_Task to complete_: In the listing below, find the line with "by rewrite mul1r" and the line with "rewrite addrA subrK.". Repeat those two lines and all lines between them exactly.

_Available data_:
End HtilSpectrum.

Theorem theorem5p2 (R : realType) (c : R) (hc : 0 <= c) :
  (forall (m : nat) (lam : R[i]),
      mup lam (char_poly (HtilC m c)) = mup (- lam) (char_poly (HtilC m c))) /\
  (forall (m : nat) (x : R),
      eigenvalue (HtilC m c) (x%:C)%C -> ~ (- (2 * `|c - 1|) < x < 2 * `|c - 1|)) /\
  (forall a b : R, a < 0 < b ->
      (forall (m : nat) (x : R), a < x < b -> ~ eigenvalue (HtilC m c) (x%:C)%C) ->
      - (2 * `|c - 1|) <= a /\ b <= 2 * `|c - 1|).
Proof.
split; [|split].
- move=> m lam; apply: mup_even_poly; last exact: char_poly_HtilC_even.
  exact: monic_neq0 (char_poly_monic _).
- move=> m x /(HtilC_eigenvalue_gap hc); rewrite ler_normr => /orP[] ? /andP[? ?]; lra.
- move=> a b /andP[a_lt0 b_gt0] no_eig; have norm_ge0 := normr_ge0 (c - 1).
  split; rewrite leNgt; apply/negP => edge_lt.
  + have lt_a : 2 * `|c - 1| < - a by lra.
    have [m [l /andP[d_le l_lt] [_ eigN]]] := HtilC_eigenvalues_near_edge hc lt_a.
    by apply: (no_eig m (- l)) eigN; apply/andP; split; lra.
  + have [m [l /andP[d_le l_lt] [eig _]]] := HtilC_eigenvalues_near_edge hc edge_lt.
    by apply: (no_eig m l) eig; apply/andP; split; lra.
Qed.
Lemma cotangent_coords1 n (z : 'I_n -> R) : cotangent_coords z z 1%:M.
Proof.
move=> i; rewrite (bigD1 i) //= big1 => [|k /negPf]; rewrite mxE ?eqxx.
  by rewrite mul1r addr0 subrr; apply: in_maxideal_sq0.
by rewrite eq_sym => ->; rewrite mul0r.
Qed.

Lemma cotangent_coordsM n e p (z : 'I_n -> R) (y : 'I_e -> R) (w : 'I_p -> R) X Y :
  cotangent_coords z y X -> cotangent_coords y w Y -> cotangent_coords z w (Y *m X).
Proof.
move=> hX hY j.
have -> : w j - \sum_k (Y *m X) j k * z k =
    (w j - \sum_i Y j i * y i) + \sum_i Y j i * (y i - \sum_k X i k * z k).
  suff -> : \sum_i Y j i * (y i - \sum_k X i k * z k) =
      \sum_i Y j i * y i - \sum_k (Y *m X) j k * z k by rewrite addrA subrK.
  under eq_bigr do rewrite mulrBr mulr_sumr.
  rewrite sumrB exchange_big; congr (_ - _); apply: eq_bigr => k _.
  by rewrite mxE mulr_suml; apply: eq_bigr => i _; rewrite mulrA.
by apply: in_maxideal_sqD => //; apply: in_maxideal_sq_sum => i; apply: in_maxideal_sqMl.
Qed.

Lemma in_maxideal_sq_basis_combination n (z c : 'I_n -> R) : cotangent_basis z ->
  in_maxideal_sq (\sum_k c k * z k) <-> forall k, maxideal (c k).
Proof.
case=> hz _ hindep; split=> [/hindep //|hc].
by apply: in_maxideal_sq_sum => k; apply: in_maxideal_sq_mul.
Qed.

End CotangentCoords.

Lemma cotangent_coords_rmorph (S T : comUnitRingType) (f : {rmorphism S -> T}) n e
    (z : 'I_n -> S) (y : 'I_e -> S) X :
  local_hom f -> cotangent_coords z y X ->
  cotangent_coords (f \o z) (f \o y) (map_mx f X).
Proof.
move=> lf hX i; suff -> : (f \o y) i - \sum_k map_mx f X i k * (f \o z) k =
    f (y i - \sum_k X i k * z k) by apply: in_maxideal_sq_rmorph.
by rewrite rmorphB rmorph_sum; congr (_ - _); apply: eq_bigr => k _; rewrite rmorphM mxE.
Qed.

Lemma cotangent_basis_maxideal (R : comUnitRingType) n (x : 'I_n -> R) :
  cotangent_basis x -> forall i, maxideal (x i).
Proof. by case. Qed.

Section LocalCotangent.
Variables (R : comUnitRingType) (hR : local_ring R).

Lemma cotangent_coords_uniq n e (z : 'I_n -> R) (y : 'I_e -> R) X X' :
  cotangent_basis z -> cotangent_coords z y X -> cotangent_coords z y X' ->
  map_mx (res hR) X = map_mx (res hR) X'.
Proof.
move=> hz hX hX'; apply/matrixP => i k; rewrite !mxE; apply/eqP.
rewrite -subr_eq0 -rmorphB; apply/eqP/maxidealE; move: k.
apply: (in_maxideal_sq_basis_combination (fun k => X i k - X' i k) hz).1.
have -> : \sum_k (X i k - X' i k) * z k =
    (y i - \sum_k X' i k * z k) - (y i - \sum_k X i k * z k).
  by rewrite opprB addrC addrA subrK -sumrB; apply: eq_bigr => k _; rewrite mulrBl.
exact: in_maxideal_sqB.
Qed.

Lemma row_full_res_cotangent_coords n e (y : 'I_n -> R) (x : 'I_e -> R) M L :
  cotangent_basis y -> cotangent_coords y x M -> cotangent_coords x y L ->
  row_full (map_mx (res hR) M).
Proof.
move=> hy hM hL; apply/row_fullP; exists (map_mx (res hR) L).
have := cotangent_coords_uniq hy (cotangent_coordsM hM hL) (cotangent_coords1 y).
by rewrite map_mxM map_mx1.
Qed.

Lemma cotangent_basis_size_le n e (y : 'I_n -> R) (x : 'I_e -> R) :
  cotangent_basis y -> cotangent_basis x -> (n <= e)%N.
Proof.
move=> hy hx; have [M hM] :=
  cotangent_coords_exist hy (cotangent_basis_maxideal hx).
have [L hL] := cotangent_coords_exist hx (cotangent_basis_maxideal hy).
have /eqP <- := row_full_res_cotangent_coords hy hM hL; exact: rank_leq_row.
Qed.

Lemma cotangent_basis_size_uniq n e (y : 'I_n -> R) (x : 'I_e -> R) :
  cotangent_basis y -> cotangent_basis x -> n = e.
Proof.
move=> hy hx; apply/eqP.
by rewrite eqn_leq (cotangent_basis_size_le hy hx) (cotangent_basis_size_le hx hy).
Qed.

Lemma rd_kernel_dim_kermx (S : comUnitRingType) (f : S -> R) n e (x : 'I_e -> S)
    (M : 'M[residue_field hR]_(e, n)) :
  (forall v, in_rd_kernel f x v <-> (\row_i res hR (v i)) *m M = 0) ->
  rd_kernel_dim f x (e - \rank M).
Proof.
move=> hker; rewrite -mxrank_ker; set K := row_base (kermx M).
exists (fun j i => repr (K j i)); split.
- move=> j; apply/hker.
  have -> : \row_i res hR (repr (K j i)) = row j K.
    by apply/rowP => i; rewrite !mxE res_repr.
  by apply/sub_kermxP; rewrite (submx_trans (row_sub j K)) ?eq_row_base.
- move=> c hc; have : (\row_j res hR (c j)) *m K == 0.
    apply/eqP/rowP => i; rewrite !mxE -[RHS]((maxidealE hR _).1 (hc i)) rmorph_sum.
    by apply: eq_bigr => j _; rewrite mxE rmorphM /= res_repr.
  rewrite mulmx_free_eq0 ?row_base_free // => /eqP/rowP c0 j.
  by apply/maxidealE; have := c0 j; rewrite !mxE.
- move=> v /hker /sub_kermxP; rewrite -(eq_row_base (kermx M)) -/K => /submxP [D hD].
  exists (fun j => repr (D 0 j)) => i; apply/maxidealE; rewrite rmorphB rmorph_sum /=.
  apply/eqP; rewrite subr_eq0; apply/eqP; move/rowP: hD => /(_ i); rewrite !mxE => ->.
  by apply: eq_bigr => j _; rewrite rmorphM /= !res_repr.
Qed.

Lemma rd_kernel_dim_cotangent_coords (S : comUnitRingType) (f : S -> R) n e
    (z : 'I_n -> R) (x : 'I_e -> S) X :
  cotangent_basis z -> cotangent_coords z (f \o x) X ->
  rd_kernel_dim f x (e - \rank (map_mx (res hR) X)).
Proof.
move=> hz hX; apply: rd_kernel_dim_kermx => v.
have hv : cotangent_coords (f \o x) (fun _ : 'I_1 => \sum_i v i * f (x i)) (\row_i v i).
  move=> i; rewrite [X in _ - X](eq_bigr (fun k => v k * f (x k))) => [|k _].
    by rewrite subrr; apply: in_maxideal_sq0.
  by rewrite mxE.
rewrite /in_rd_kernel (in_maxideal_sq_congr (cotangent_coordsM hX hv ord0)).
have -> : \row_i res hR (v i) = map_mx (res hR) (\row_i v i).
  by apply/rowP => i; rewrite !mxE.
rewrite (in_maxideal_sq_basis_combination _ hz) -map_mxM; split=> [h0|/rowP h0 k].
  by apply/rowP => k; rewrite [LHS]mxE [RHS]mxE; apply/maxidealE/h0.
by apply/maxidealE; have := h0 k; rewrite !mxE.
Qed.

End LocalCotangent.

Definition cotangent_spanning (R : comUnitRingType) n (x : 'I_n -> R) :=
  forall y, maxideal y -> exists a : 'I_n -> R, in_maxideal_sq (y - \sum_i a i * x i).

Lemma cotangent_spanning_lift (R : comUnitRingType) n (x a : 'I_n.+1 -> R) j :
  cotangent_spanning x -> in_maxideal_sq (\sum_i a i * x i) -> a j \is a GRing.unit ->
  cotangent_spanning (x \o lift j).
Proof.
move=> hspan ha uj y /hspan [b hb].
exists (fun i => b (lift j i) - b j / a j * a (lift j i)).
suff -> : y - \sum_i (b (lift j i) - b j / a j * a (lift j i)) * (x \o lift j) i =
    (y - \sum_i b i * x i) + b j / a j * \sum_i a i * x i.
  by apply: in_maxideal_sqD => //; apply: in_maxideal_sqMl.
rewrite (bigD1_ord j) //= (bigD1_ord j) //= mulrDr mulrA divrK //.
set c := b j / a j; under eq_bigr do rewrite mulrBl -mulrA.
by rewrite sumrB mulr_sumr; ring.
Qed.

_Completed exercise_:
  by rewrite mul1r addr0 subrr; apply: in_maxideal_sq0.
by rewrite eq_sym => ->; rewrite mul0r.
Qed.

Lemma cotangent_coordsM n e p (z : 'I_n -> R) (y : 'I_e -> R) (w : 'I_p -> R) X Y :
  cotangent_coords z y X -> cotangent_coords y w Y -> cotangent_coords z w (Y *m X).
Proof.
move=> hX hY j.
have -> : w j - \sum_k (Y *m X) j k * z k =
    (w j - \sum_i Y j i * y i) + \sum_i Y j i * (y i - \sum_k X i k * z k).
  suff -> : \sum_i Y j i * (y i - \sum_k X i k * z k) =
      \sum_i Y j i * y i - \sum_k (Y *m X) j k * z k by rewrite addrA subrK.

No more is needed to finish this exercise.